# WORK TASK
Your task is to find every line of the data that holds the string "have" and copy it.

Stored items
....

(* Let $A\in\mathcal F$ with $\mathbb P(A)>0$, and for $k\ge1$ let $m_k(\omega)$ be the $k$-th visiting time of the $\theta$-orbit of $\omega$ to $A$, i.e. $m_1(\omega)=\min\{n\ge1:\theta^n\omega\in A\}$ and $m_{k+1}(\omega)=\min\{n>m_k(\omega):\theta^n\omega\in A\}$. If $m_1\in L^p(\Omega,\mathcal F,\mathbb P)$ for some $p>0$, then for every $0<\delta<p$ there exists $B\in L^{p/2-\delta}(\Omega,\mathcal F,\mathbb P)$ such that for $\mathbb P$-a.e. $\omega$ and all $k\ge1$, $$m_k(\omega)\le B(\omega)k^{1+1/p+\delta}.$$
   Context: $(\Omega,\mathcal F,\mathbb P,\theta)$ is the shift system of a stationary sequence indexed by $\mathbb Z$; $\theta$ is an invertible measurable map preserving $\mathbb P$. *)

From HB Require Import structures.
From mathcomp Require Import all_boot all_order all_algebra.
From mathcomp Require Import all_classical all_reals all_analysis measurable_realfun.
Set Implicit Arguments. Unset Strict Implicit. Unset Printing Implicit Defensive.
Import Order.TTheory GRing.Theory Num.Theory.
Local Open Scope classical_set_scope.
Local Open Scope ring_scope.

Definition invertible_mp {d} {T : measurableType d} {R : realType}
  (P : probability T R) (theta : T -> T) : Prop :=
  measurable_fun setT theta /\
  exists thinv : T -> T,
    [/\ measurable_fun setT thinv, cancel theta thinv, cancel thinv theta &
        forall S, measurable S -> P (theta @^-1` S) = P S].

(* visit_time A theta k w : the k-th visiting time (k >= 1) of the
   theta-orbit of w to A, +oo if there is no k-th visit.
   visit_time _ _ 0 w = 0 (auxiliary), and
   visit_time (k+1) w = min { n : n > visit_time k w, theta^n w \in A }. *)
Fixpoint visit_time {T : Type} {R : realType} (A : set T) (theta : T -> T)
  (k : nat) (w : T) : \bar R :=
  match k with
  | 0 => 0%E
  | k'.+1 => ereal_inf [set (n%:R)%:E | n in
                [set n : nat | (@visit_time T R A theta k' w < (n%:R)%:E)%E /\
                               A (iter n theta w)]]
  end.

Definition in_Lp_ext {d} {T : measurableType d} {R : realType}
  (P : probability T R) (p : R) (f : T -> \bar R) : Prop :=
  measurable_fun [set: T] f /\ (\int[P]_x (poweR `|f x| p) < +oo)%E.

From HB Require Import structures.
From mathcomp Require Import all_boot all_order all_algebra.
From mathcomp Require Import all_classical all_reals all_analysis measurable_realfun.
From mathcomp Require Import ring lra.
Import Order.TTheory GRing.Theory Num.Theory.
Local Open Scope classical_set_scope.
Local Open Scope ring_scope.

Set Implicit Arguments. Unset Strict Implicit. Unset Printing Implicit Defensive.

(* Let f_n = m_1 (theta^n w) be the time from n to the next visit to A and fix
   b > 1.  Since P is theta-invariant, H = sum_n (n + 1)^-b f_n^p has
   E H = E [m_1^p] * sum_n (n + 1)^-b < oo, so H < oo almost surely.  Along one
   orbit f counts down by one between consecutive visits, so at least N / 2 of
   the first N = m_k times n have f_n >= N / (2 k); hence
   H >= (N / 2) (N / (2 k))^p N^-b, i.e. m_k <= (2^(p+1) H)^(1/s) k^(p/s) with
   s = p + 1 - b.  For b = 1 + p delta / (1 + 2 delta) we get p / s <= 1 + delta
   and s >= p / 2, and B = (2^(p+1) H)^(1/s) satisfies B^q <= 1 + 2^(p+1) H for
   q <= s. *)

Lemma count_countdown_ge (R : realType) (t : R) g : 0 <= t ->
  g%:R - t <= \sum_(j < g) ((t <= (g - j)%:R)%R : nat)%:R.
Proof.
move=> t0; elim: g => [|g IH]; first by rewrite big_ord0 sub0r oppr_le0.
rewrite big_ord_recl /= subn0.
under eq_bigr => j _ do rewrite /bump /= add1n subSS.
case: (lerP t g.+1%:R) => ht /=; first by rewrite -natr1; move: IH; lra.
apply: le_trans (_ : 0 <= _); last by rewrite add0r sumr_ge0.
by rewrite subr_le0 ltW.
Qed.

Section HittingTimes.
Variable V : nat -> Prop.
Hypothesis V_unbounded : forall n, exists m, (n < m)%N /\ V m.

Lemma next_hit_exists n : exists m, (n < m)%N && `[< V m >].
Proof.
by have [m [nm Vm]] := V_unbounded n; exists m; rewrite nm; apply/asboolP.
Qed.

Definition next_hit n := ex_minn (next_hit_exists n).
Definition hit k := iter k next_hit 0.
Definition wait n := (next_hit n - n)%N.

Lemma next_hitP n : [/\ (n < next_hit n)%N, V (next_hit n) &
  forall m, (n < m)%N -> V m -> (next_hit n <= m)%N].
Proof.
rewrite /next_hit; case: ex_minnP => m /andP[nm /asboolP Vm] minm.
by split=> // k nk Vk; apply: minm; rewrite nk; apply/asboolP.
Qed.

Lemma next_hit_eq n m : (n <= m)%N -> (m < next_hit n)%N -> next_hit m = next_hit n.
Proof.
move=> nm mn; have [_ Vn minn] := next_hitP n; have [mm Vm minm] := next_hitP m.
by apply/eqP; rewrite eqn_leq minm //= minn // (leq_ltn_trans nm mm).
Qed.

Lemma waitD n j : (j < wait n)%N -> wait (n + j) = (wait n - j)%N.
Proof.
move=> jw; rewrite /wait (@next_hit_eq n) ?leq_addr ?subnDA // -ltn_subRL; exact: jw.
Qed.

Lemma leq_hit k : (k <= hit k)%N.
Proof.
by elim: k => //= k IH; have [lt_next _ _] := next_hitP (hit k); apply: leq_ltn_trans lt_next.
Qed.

....

# SOLVED EXERCISE
   the first N = m_k times n have f_n >= N / (2 k); hence
by have [m [nm Vm]] := V_unbounded n; exists m; rewrite nm; apply/asboolP.
move=> nm mn; have [_ Vn minn] := next_hitP n; have [mm Vm minm] := next_hitP m.
by elim: k => //= k IH; have [lt_next _ _] := next_hitP (hit k); apply: leq_ltn_trans lt_next.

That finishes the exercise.